Crónicas Misioneras (cuarta entrega)

Frontera seca.

Desde Eldorado, y después de cien kilómetros de subidas y bajadas en medio del monte, llego a Bernardo de Irigoyen, extremo oriental de la República Argentina. Las paredes están repletas de consignas nacionalistas; algunas muy directas (“Aquí comienza la patria”) y otras más sutiles y eficaces (“Bienvenidos a donde nace el sol”), pero nadie habla totalmente en castellano ni en portugués. En la única estación de servicio del pueblo hay cinco cuadras de autos brasileños que esperan para cargar nafta argentina.

Me habían dicho antes de salir que no valía la pena, que no vaya, que no hay nada para ver en Bernardo de Irigoyen; pero yo quería conocer la frontera seca, ese extraño lugar en donde las patrias se tocan sin un río, una montaña o un desierto que las separe.

Por eso lo primero que hago es buscar la frontera. Bajando por la calle principal veo el puesto de la gendarmería. Una mujer gendarme me pide los documentos, me hace bajar del auto y anota cosas en una computadora. Recién entonces advierto que hay un puente y, bajo el puente, el surco seco de un arroyito con un cartel que dice “Aº Pepirí Guazú”. Me siento estafado: la frontera seca no es seca, hay un arroyo que separa. Ínfimo y sin agua, hay un arroyo. Me quejo ruidosamente con la gendarme.

-Esta es la naciente del arroyo –me aclara-, cien metros para allá empieza la frontera seca de verdad. Por acá sólo cruzan los que tienen documentos.

El color de la tierra.

El cielo es el mismo en todos lados. La tierra, no.

Ni negra como en la pampa húmeda, ni gris como en la pampa seca, ni marrón como en casi todas partes, ni blanca como en los calurosos arenales de Corrientes; la tierra misionera es roja, colorada; de un rojo fuerte, oscuro e inconfundible; algo entre la sangre y el ladrillo.

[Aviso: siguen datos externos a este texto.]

(* The knots $6_2$ and $7_2$ (Rolfsen's table) both have determinant $11$, and $\mathrm{mincol}_{11}6_2=5=\mathrm{mincol}_{11}7_2$. Furthermore, there is a diagram $D_{6_2}$ of $6_2$ admitting a non-trivial $11$-coloring using $5$ colors and a diagram $D_{7_2}$ of $7_2$ admitting a non-trivial $11$-coloring using $5$ colors, such that no set of $5$ colors used on $D_{6_2}$ by a non-trivial $11$-coloring gives rise to a non-trivial $11$-coloring of $D_{7_2}$, and vice versa.
   Context: A (Fox) $p$-coloring of a link diagram is an assignment of an element of $\mathbf{Z}/p\mathbf{Z}$ (a color) to each arc such that at every crossing, with over-arc color $b$ and under-arc colors $a,c$, one has $2b-a-c\equiv0\pmod p$; it is trivial if all arcs receive the same color, non-trivial otherwise. For a prime $p$ and a link $L$ admitting non-trivial $p$-colorings, $\mathrm{mincol}_pL$ is the minimum over all diagrams of $L$ of the minimum number of distinct colors used by a non-trivial $p$-coloring of the diagram. *)

(* Knot diagrams are encoded combinatorially as (unoriented)
   planar-diagram (PD) codes, knot types as classes of PD codes modulo planar
   isotopy of S^2 and the Reidemeister moves R1, R2, R3 (Reidemeister's theorem). *)
From HB Require Import structures.
From mathcomp Require Import all_boot all_order all_algebra.
From Stdlib Require Import Relations.Relation_Operators.

Unset Printing Implicit Defensive.

Import GRing.Theory.

(* PD codes.  A crossing (a,b,c,d) lists the labels of the four edges  *)
(* meeting at it in counterclockwise order, a and c being the two ends *)
(* of the under-strand, b and d the two ends of the over-strand        *)
(* (Knot Atlas convention; the oriented Knot Atlas codes additionally  *)
(* have a = incoming under-edge).  Edges = maximal pieces of the       *)
(* diagram between two crossings; each label must occur exactly twice. *)

Definition crossing := (nat * nat * nat * nat)%type.
Definition pd := seq crossing.

Definition cget (x : crossing) (i : 'I_4) : nat :=
  let: (a, b, c, d) := x in nth 0 [:: a; b; c; d] i.

Definition dart (D : pd) := ('I_(size D) * 'I_4)%type.

Definition dlab (D : pd) (z : dart D) : nat := cget (nth (0, 0, 0, 0) D z.1) z.2.

Definition other_end (D : pd) (z : dart D) : dart D :=
  odflt z [pick w : dart D | (w != z) && (dlab D w == dlab D z)].

Definition rot4 (k : nat) (i : 'I_4) : 'I_4 := inord ((i + k) %% 4).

Dicen los que saben que la causa es el exceso de hierro, que al contacto con el aire se oxida. Dios conserve esa tierra encendida y color hada.

Las mañas de Andresito.

Después las llamaron “guerra de montoneras”, pero al principio se las conocía como “las mañas de Artigas”. Suele creerse que los principios de táctica militar de estas guerrillas eran inexistentes y es sabido que la expresión “montonera” alude a que –incultos e incivilizados- peleaban “en montón” y no conocían (o simplemente no usaban) las exquisiteces europeas de la doble línea o la formación en cuadro.

Lo cierto que es que existía en estas tropas irregulares una táctica militar avanzada y distinta, que les permitió derrotar muchas veces a ejércitos visiblemente superiores dirigidos por científicos de la guerra y que hizo que siempre resurgieran hasta la definitiva derrota –y muerte- de Aparicio Saravia en Masoller cuando ya estaba bien empezado el siglo veinte.

Lo cierto, también, es que algunas de estas tácticas -que se fueron refinando con el tiempo y la experiencia- (el uso que de la lanza hacía la caballería, por ejemplo) fueron después incorporadas por los ejércitos profesionales durante la guerra de la Triple Alianza y, de allí, pasaron al ejército alemán que las utilizó en la guerra franco-prusiana.

Los orientales reclaman la paternidad y la primacía en materia de montoneras y, sin perjuicio de las lindezas riojanas, debemos reconocer que con Artigas y Aparicio –el primero y el último montonero, respectivamente- fueron los orientales los que abrieron y cerraron un capítulo no sólo militar de nuestra historia.

No pienso discutir con orientales o riojanos sobre ninguna primacía especial. Sólo señalaré un aporte misionero útil -pero sobre todo hermoso- a esas tácticas criollas. Lo cuenta el propio Artigas en sus memorias.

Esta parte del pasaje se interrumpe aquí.